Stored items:
════
Lemma noise_measure_fst A : measurable A -> mu (fst @^-1` A) = P A.
Proof.
apply: (@measure_eq_cylinders R (pushforward mu fst) P) => [|s a].
  change (mu (fst @^-1` setT) < +oo)%E.
  rewrite (_ : fst @^-1` _ = noise_cylinder [::] [::] xpredT xpredT).
    by rewrite mu_noise_cylinder // big_nil mulr1 ltry.
  by apply/seteqP; split.
change (mu (fst @^-1` cylinder s a) = P (cylinder s a)); rewrite uniform_cylinder //.
rewrite (_ : fst @^-1` _ = noise_cylinder (undup s) [::] a a).
  by rewrite mu_noise_cylinder ?cats0 ?undup_uniq // big_nil mulr1.
by rewrite -cylinder_undup; apply/seteqP; split => xy //= [].
Qed.
End NoiseCylinder.

Lemma noise_coupling_swap (R : realType) (eps : R)
    (Qe : probability (Cube * Cube)%type R) :
  is_noise_coupling eps Qe -> forall s a b, uniq s ->
  pushforward Qe unstable.swap
    [set xy : Cube * Cube | forall i, i \in s -> xy.1 i = a i /\ xy.2 i = b i]
    = (\prod_(i <- s) noise_pair_prob eps (a i) (b i))%:E.
Proof.
move=> HQe s a b us; rewrite /pushforward.
rewrite (_ : unstable.swap @^-1` _ =
    [set xy : Cube * Cube | forall i, i \in s -> xy.1 i = b i /\ xy.2 i = a i]).
  rewrite HQe //; congr (_%:E); apply: eq_bigr => i _.
  by rewrite /noise_pair_prob eq_sym.
by apply/seteqP; split => xy /= H i /H [].
Qed.

Lemma noise_coupling_marginals (R : realType) (P : probability Cube R) (eps : R)
    (Qe : probability (Cube * Cube)%type R) :
  is_uniform_cube P -> is_noise_coupling eps Qe -> forall A, measurable A ->
  Qe (fst @^-1` A) = P A /\ Qe (snd @^-1` A) = P A.
Proof.
move=> HP HQe A mA; split; first exact: (noise_measure_fst (mu := Qe) HQe HP mA).
apply: (@noise_measure_fst R eps (pushforward Qe unstable.swap) _ P HP A mA).
  exact: measurable_swap.
by move=> ?; exact: noise_coupling_swap.
Qed.

Section BoundedIntegrals.
Context {d : measure_display} {T : measurableType d} {R : realType}
  (mu : probability T R).

Lemma integrable_bounded1 (F : T -> R) : measurable_fun setT F ->
  (forall x, `|F x| <= 1) -> mu.-integrable setT (EFin \o F).
Proof.
move=> mF F1; apply: (@le_integrable _ _ _ mu setT measurableT _ (EFin \o cst 1)).
- exact/measurable_EFinP.
- by move=> x _ /=; rewrite lee_fin normr1 F1.
- exact: finite_measure_integrable_cst.
Qed.

Lemma norm_Rintegral_le1 (F : T -> R) : measurable_fun setT F ->
  (forall x, `|F x| <= 1) -> `|Rintegral mu setT F| <= 1.
Proof.
move=> mF F1; apply: le_trans (le_normr_Rintegral _ _) _ => //.
  exact: integrable_bounded1.
apply: le_trans (@le_Rintegral _ _ _ mu setT _ (cst 1) _ _ _ _) _ => //.
- by apply: integrable_norm; exact: integrable_bounded1.
- exact: finite_measure_integrable_cst.
- rewrite Rintegral_cst //.
  have -> : fine (mu setT) = 1 by rewrite probability_setT.
  by rewrite mul1r.
Qed.
Lemma Rintegral_indic E : measurable E -> Rintegral mu setT (\1_E) = fine (mu E).
Proof. by move=> mE; rewrite /Rintegral integral_indic // setIT. Qed.

Lemma norm_Rintegral_diff_le (F G : T -> R) (E : set T) :
  measurable_fun setT F -> measurable_fun setT G ->
  (forall x, `|F x| <= 1) -> (forall x, `|G x| <= 1) ->
  measurable E -> (forall x, ~ E x -> F x = G x) ->
  `|Rintegral mu setT F - Rintegral mu setT G| <= 2 * fine (mu E).
Proof.
move=> mF mG F1 G1 mE FG.
have iF : mu.-integrable setT (EFin \o F) by exact: integrable_bounded1.
have iG : mu.-integrable setT (EFin \o G) by exact: integrable_bounded1.
have iFG : mu.-integrable setT (EFin \o (F \- G)) by exact: (integrableB measurableT iF iG).
have iE : mu.-integrable setT (EFin \o (fun x => 2 * \1_E x : R)).
  have i1 : mu.-integrable setT (EFin \o (\1_E : T -> R)) by exact: integrable_indic.
  exact: (integrableZl measurableT 2 i1).
have FG_indic x : `|F x - G x| <= 2 * \1_E x.
  rewrite indicE; have [Ex|nEx] := pselect (E x).
    rewrite mem_set // mulr1; apply: le_trans (ler_normB _ _) _.
    by have := F1 x; have := G1 x; lra.
  by rewrite memNset // mulr0 FG // subrr normr0.
rewrite -RintegralB //; apply: (le_trans (le_normr_Rintegral _ _)) => //.
apply: (le_trans (@le_Rintegral _ _ _ mu setT _ (fun x => 2 * \1_E x) _ _ _ _)) => //.
- exact: integrable_norm.
- by rewrite RintegralZl ?Rintegral_indic //; exact: integrable_indic.
Qed.
End BoundedIntegrals.
Lemma no_dilation_invariant_arc Y : K Y -> upper_semicircle `<=` Y ->
  Y <> upper_semicircle -> ~ (forall m, 0 < m -> dilation m @` Y = Y).
Proof.
case=> al [be [be_in ->]] upper_sub Y_neq Y_inv.
have [z [Yz not_upper]] : exists z, Defs.arc al be z /\ ~ upper_semicircle z.
  apply: contra_notP Y_neq => no_z; apply/seteqP; split=> // z Yz.
  by apply: contra_notP no_z => ?; exists z.
have [w [Yw lower_w]] := arc_meets_lower (andP be_in).2 Yz not_upper.
apply: (arc_not_sup_semicircles be_in upper_sub) => v lower_v.
have [m m_gt0 <-] := dilation_lower_transitive lower_w lower_v.
by rewrite -(Y_inv m m_gt0); exists w.
Qed.

Theorem circle_intervals_no_covariant_frame :
  ~ has_covariant_path_frame_system K (@mobius R).
Proof.
move=> cpfs; pose G := [set dilation m | m in [set m : R | 0 < m]].
have [|_ [m m_gt0 <-]|_ [m m_gt0 <-] A B KA KB|Y [KY upper_sub Y_neq Y_inv]] :=
  covariant_frame_fixed_superset (G := G) cpfs circle_intervals_upper
    circle_intervals_lower upper_neq_lower_semicircle.
- by move=> _ [m m_gt0 <-]; exact: dilation_mobius.
- by rewrite dilation_upper ?dilation_lower.
- apply: image_inj_on_eq (dilation_inj_on m_gt0) _ _;
    exact: circle_intervals_sub_unit.
apply: (no_dilation_invariant_arc KY upper_sub Y_neq) => m m_gt0.
by apply: Y_inv; exists m.
Qed.

End Circle.

Theorem corollary4p6 :
  (forall R : realType,
     has_covariant_path_frame_system (@double_cones R) (@poincare R)) /\
  (forall R : realType,
     ~ has_covariant_path_frame_system (@circle_intervals R) (@mobius R)).
Proof.
split=> R; [exact: double_cones_covariant_frame | exact: circle_intervals_no_covariant_frame].
Qed.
════
ASSIGNED TASK: Print the data word for word.

FINISHED TASK:
Lemma noise_measure_fst A : measurable A -> mu (fst @^-1` A) = P A.
Proof.
apply: (@measure_eq_cylinders R (pushforward mu fst) P) => [|s a].
  change (mu (fst @^-1` setT) < +oo)%E.
  rewrite (_ : fst @^-1` _ = noise_cylinder [::] [::] xpredT xpredT).
    by rewrite mu_noise_cylinder // big_nil mulr1 ltry.
  by apply/seteqP; split.
change (mu (fst @^-1` cylinder s a) = P (cylinder s a)); rewrite uniform_cylinder //.
rewrite (_ : fst @^-1` _ = noise_cylinder (undup s) [::] a a).
  by rewrite mu_noise_cylinder ?cats0 ?undup_uniq // big_nil mulr1.
by rewrite -cylinder_undup; apply/seteqP; split => xy //= [].
Qed.
End NoiseCylinder.

Lemma noise_coupling_swap (R : realType) (eps : R)
    (Qe : probability (Cube * Cube)%type R) :
  is_noise_coupling eps Qe -> forall s a b, uniq s ->
  pushforward Qe unstable.swap
    [set xy : Cube * Cube | forall i, i \in s -> xy.1 i = a i /\ xy.2 i = b i]
    = (\prod_(i <- s) noise_pair_prob eps (a i) (b i))%:E.
Proof.
move=> HQe s a b us; rewrite /pushforward.
rewrite (_ : unstable.swap @^-1` _ =
    [set xy : Cube * Cube | forall i, i \in s -> xy.1 i = b i /\ xy.2 i = a i]).
  rewrite HQe //; congr (_%:E); apply: eq_bigr => i _.
  by rewrite /noise_pair_prob eq_sym.
by apply/seteqP; split => xy /= H i /H [].
Qed.

Lemma noise_coupling_marginals (R : realType) (P : probability Cube R) (eps : R)
    (Qe : probability (Cube * Cube)%type R) :
  is_uniform_cube P -> is_noise_coupling eps Qe -> forall A, measurable A ->
  Qe (fst @^-1` A) = P A /\ Qe (snd @^-1` A) = P A.
Proof.
move=> HP HQe A mA; split; first exact: (noise_measure_fst (mu := Qe) HQe HP mA).
apply: (@noise_measure_fst R eps (pushforward Qe unstable.swap) _ P HP A mA).
  exact: measurable_swap.
by move=> ?; exact: noise_coupling_swap.
Qed.

Section BoundedIntegrals.
Context {d : measure_display} {T : measurableType d} {R : realType}
  (mu : probability T R).

Lemma integrable_bounded1 (F : T -> R) : measurable_fun setT F ->
  (forall x, `|F x| <= 1) -> mu.-integrable setT (EFin \o F).
Proof.
move=> mF F1; apply: (@le_integrable _ _ _ mu setT measurableT _ (EFin \o cst 1)).
- exact/measurable_EFinP.
- by move=> x _ /=; rewrite lee_fin normr1 F1.
- exact: finite_measure_integrable_cst.
Qed.

Lemma norm_Rintegral_le1 (F : T -> R) : measurable_fun setT F ->
  (forall x, `|F x| <= 1) -> `|Rintegral mu setT F| <= 1.
Proof.
move=> mF F1; apply: le_trans (le_normr_Rintegral _ _) _ => //.
  exact: integrable_bounded1.
apply: le_trans (@le_Rintegral _ _ _ mu setT _ (cst 1) _ _ _ _) _ => //.
- by apply: integrable_norm; exact: integrable_bounded1.
- exact: finite_measure_integrable_cst.
- rewrite Rintegral_cst //.
  have -> : fine (mu setT) = 1 by rewrite probability_setT.
  by rewrite mul1r.
Qed.
Lemma Rintegral_indic E : measurable E -> Rintegral mu setT (\1_E) = fine (mu E).
Proof. by move=> mE; rewrite /Rintegral integral_indic // setIT. Qed.

Lemma norm_Rintegral_diff_le (F G : T -> R) (E : set T) :
  measurable_fun setT F -> measurable_fun setT G ->
  (forall x, `|F x| <= 1) -> (forall x, `|G x| <= 1) ->
  measurable E -> (forall x, ~ E x -> F x = G x) ->
  `|Rintegral mu setT F - Rintegral mu setT G| <= 2 * fine (mu E).
Proof.
move=> mF mG F1 G1 mE FG.
have iF : mu.-integrable setT (EFin \o F) by exact: integrable_bounded1.
have iG : mu.-integrable setT (EFin \o G) by exact: integrable_bounded1.
have iFG : mu.-integrable setT (EFin \o (F \- G)) by exact: (integrableB measurableT iF iG).
have iE : mu.-integrable setT (EFin \o (fun x => 2 * \1_E x : R)).
  have i1 : mu.-integrable setT (EFin \o (\1_E : T -> R)) by exact: integrable_indic.
  exact: (integrableZl measurableT 2 i1).
have FG_indic x : `|F x - G x| <= 2 * \1_E x.
  rewrite indicE; have [Ex|nEx] := pselect (E x).
    rewrite mem_set // mulr1; apply: le_trans (ler_normB _ _) _.
    by have := F1 x; have := G1 x; lra.
  by rewrite memNset // mulr0 FG // subrr normr0.
rewrite -RintegralB //; apply: (le_trans (le_normr_Rintegral _ _)) => //.
apply: (le_trans (@le_Rintegral _ _ _ mu setT _ (fun x => 2 * \1_E x) _ _ _ _)) => //.
- exact: integrable_norm.
- by rewrite RintegralZl ?Rintegral_indic //; exact: integrable_indic.
Qed.
End BoundedIntegrals.
Lemma no_dilation_invariant_arc Y : K Y -> upper_semicircle `<=` Y ->
  Y <> upper_semicircle -> ~ (forall m, 0 < m -> dilation m @` Y = Y).
Proof.
case=> al [be [be_in ->]] upper_sub Y_neq Y_inv.
have [z [Yz not_upper]] : exists z, Defs.arc al be z /\ ~ upper_semicircle z.
  apply: contra_notP Y_neq => no_z; apply/seteqP; split=> // z Yz.
  by apply: contra_notP no_z => ?; exists z.
have [w [Yw lower_w]] := arc_meets_lower (andP be_in).2 Yz not_upper.
apply: (arc_not_sup_semicircles be_in upper_sub) => v lower_v.
have [m m_gt0 <-] := dilation_lower_transitive lower_w lower_v.
by rewrite -(Y_inv m m_gt0); exists w.
Qed.

Theorem circle_intervals_no_covariant_frame :
  ~ has_covariant_path_frame_system K (@mobius R).
Proof.
move=> cpfs; pose G := [set dilation m | m in [set m : R | 0 < m]].
have [|_ [m m_gt0 <-]|_ [m m_gt0 <-] A B KA KB|Y [KY upper_sub Y_neq Y_inv]] :=
  covariant_frame_fixed_superset (G := G) cpfs circle_intervals_upper
    circle_intervals_lower upper_neq_lower_semicircle.
- by move=> _ [m m_gt0 <-]; exact: dilation_mobius.
- by rewrite dilation_upper ?dilation_lower.
- apply: image_inj_on_eq (dilation_inj_on m_gt0) _ _;
    exact: circle_intervals_sub_unit.
apply: (no_dilation_invariant_arc KY upper_sub Y_neq) => m m_gt0.
by apply: Y_inv; exists m.
Qed.

End Circle.

Theorem corollary4p6 :
  (forall R : realType,
     has_covariant_path_frame_system (@double_cones R) (@poincare R)) /\
  (forall R : realType,
     ~ has_covariant_path_frame_system (@circle_intervals R) (@mobius R)).
Proof.
split=> R; [exact: double_cones_covariant_frame | exact: circle_intervals_no_covariant_frame].
Qed.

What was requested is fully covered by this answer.